Master llama-cli with advanced options, interactive modes, and conversation management.
CLI Execution Modes
flowchart TD
CLI[llama-cli] --> M1[Single Prompt Mode\n-p text -n tokens]
CLI --> M2[Interactive Mode\n--interactive]
CLI --> M3[Instruction Mode\n--instruct]
CLI --> M4[Conversation Mode\n--conversation]
M1 --> O1[Generate and exit]
M2 --> O2[REPL loop with user input]
M3 --> O3[Instruction-tuned chat loop]
M4 --> O4[Multi-turn with full history]
Overview
The llama-cli tool provides comprehensive control over model inference. This chapter covers all major options, interactive modes, and advanced usage patterns.
Basic Command Structure
llama-cli [options] -m model.gguf [prompt_options]
Essential Options
Model and Context
# Specify model file
-m, --model <path> # Path to GGUF model file
# Context management
-c, --ctx-size <n> # Context size (default: 4096)
-n, --n-predict <n> # Number of tokens to predict (default: -1, unlimited)
--keep <n> # Number of tokens to keep from initial prompt
# Memory management
--memory-f32 # Use f32 instead of f16 for memory KV
--mlock # Force system to keep model in RAM
--no-mmap # Don't memory-map model (slower but uses less RAM)
Generation Parameters
# Sampling parameters
--temp <float> # Temperature (0.0-2.0, default: 0.8)
--top-k <int> # Top-k sampling (default: 40)
--top-p <float> # Top-p (nucleus) sampling (default: 0.9)
--min-p <float> # Minimum probability (default: 0.0)
--tfs-z <float> # Tail free sampling (default: 1.0)
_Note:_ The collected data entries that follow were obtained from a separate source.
(* 1/(c+s)^2 is integrable on [0, +oo): its primitive -1/(c+s) has a finite
   limit at +oo. *)
Lemma integrable0oo_inv_sq (c : R) : 0 < c ->
  integrable0oo (fun s : R => ((c + `|s|)^-1) ^+ 2).
Proof.
move=> c0.
have cont_f : continuous (fun s : R => ((c + `|s|)^-1) ^+ 2).
  have -> : (fun s : R => ((c + `|s|)^-1) ^+ 2)
            = (fun s => (c + `|s|)^-1) \* (fun s => (c + `|s|)^-1).
    by apply/funext => s; rewrite /= expr2.
  move=> x; apply: (@continuousM R R (fun s => (c + `|s|)^-1) (fun s => (c + `|s|)^-1) x);
    exact: continuous_inv_shift.
have pos_shift x : 0 <= x -> c + x != 0 by move=> x0; rewrite gt_eqF // ltr_wpDr.
have der_shift x : derivable (fun y : R => c + y) x 1.
  by apply: derivableD; [exact: derivable_cst | exact: derivable_id].
apply/integrableP; split.
  apply/measurable_EFinP; have := continuous_measurable_fun cont_f.
  exact: measurable_funS.
rewrite (_ : (\int[mu]_(x in I0oo) _ = \int[mu]_(x in I0oo) ((((c + `|x|)^-1) ^+ 2)%R)%:E)%E);
  last by apply: eq_integral => x _ /=; rewrite ger0_norm // sqr_ge0.
rewrite (@ge0_continuous_FTC2y _ _ (fun x => - (c + x)^-1) 0 0).
- by rewrite ltry.
- by move=> x _; exact: sqr_ge0.
- exact: continuous_subspaceT.
- rewrite -oppr0; apply: cvgN; apply/gtr0_cvgV0; last exact: cvg_addrl.
  by near=> y; rewrite ltr_wpDr // ltW //; near: y; exact: nbhs_pinfty_gt.
- by move=> x x0; apply/derivableN/derivableV; [exact/pos_shift/ltW | exact: der_shift].
- have cont0 : {for 0, continuous (fun x : R => - (c + x)^-1)}.
    apply: continuousN; apply: (@continuousV R R (fun s : R => c + s) 0).
      by rewrite addr0 gt_eqF.
    by apply: continuousD; [exact: cst_continuous | exact: cvg_id].
  by apply: cvg_at_right_filter; exact: cont0.
- move=> x; rewrite in_itv /= andbT => x0.
  rewrite derive1E deriveN; last by apply: derivableV; [exact/pos_shift/ltW | exact: der_shift].
  rewrite deriveV ?pos_shift ?ltW //.
  rewrite deriveD; [|exact: derivable_cst | exact: derivable_id].
  by rewrite derive_cst derive_id add0r scaler1 opprK gtr0_norm // exprVn.
Unshelve. all: by end_near. Qed.

End ResolventBounds.

Section CKernel.
Variables (R : realType) (e : 'I_3 -> 'cV[R]_3) (lam : 'I_3 -> R).
Hypothesis orth : forall p q : 'I_3, (e p)^T *m e q = (p == q)%:R%:M.
Hypothesis lam_pos : forall p, 0 < lam p.

(* Eigenvalues of (B + |s| I)^-1 and the square root of det (B + |s| I), for
   B = eigmx e lam; using |s| makes them continuous on the whole line. *)
Definition resolvent_eig (s : R) (p : 'I_3) : R := (lam p + `|s|)^-1.
Definition sqrt_det (s : R) : R := Num.sqrt (\prod_p (lam p + `|s|)).

Definition C_kernel (s : R) : tensor4 R := fun i j k l =>
  (sqrt_det s)^-1 *
  symmetrize (tprod (eigmx e (resolvent_eig s)) (eigmx e (resolvent_eig s))) i j k l.

Lemma C_kernel_commute s : commute_tensor (C_kernel s) (Mtensor e).
Proof. by apply: commute_scale; exact: commute_symmetrize. Qed.

Lemma resolvent_eig_ge0 s p : 0 <= resolvent_eig s p.
Proof. by rewrite invr_ge0 ltW // ltr_wpDr. Qed.

Lemma sqrt_det_gt0 s : 0 < sqrt_det s.
Proof. by rewrite sqrtr_gt0; apply: prodr_gt0 => p _; rewrite ltr_wpDr. Qed.

Lemma continuous_inv_sqrt_det : continuous (fun s => (sqrt_det s)^-1).
Proof.
move=> x; apply: (@continuousV R R sqrt_det x); first by rewrite gt_eqF // sqrt_det_gt0.
apply: (@continuous_comp R R R (fun s => \prod_p (lam p + `|s|)) (@Num.sqrt R) x);
  last exact: sqrt_continuous.
apply: continuous_prod => p y.
by apply: continuousD; [exact: cst_continuous | exact: norm_continuous].
Qed.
--typical-p <float> # Typical sampling (default: 1.0)
# Penalty parameters
--repeat-last-n <int> # Lookback for repetition penalty (default: 64)
--repeat-penalty <float> # Repetition penalty (default: 1.1)
--presence-penalty <float> # Presence penalty (default: 0.0)
--frequency-penalty <float> # Frequency penalty (default: 0.0)
# Mirostat sampling (alternative to top-k/top-p)
--mirostat <int> # Use Mirostat sampling (1 or 2)
--mirostat-lr <float> # Mirostat learning rate (default: 0.1)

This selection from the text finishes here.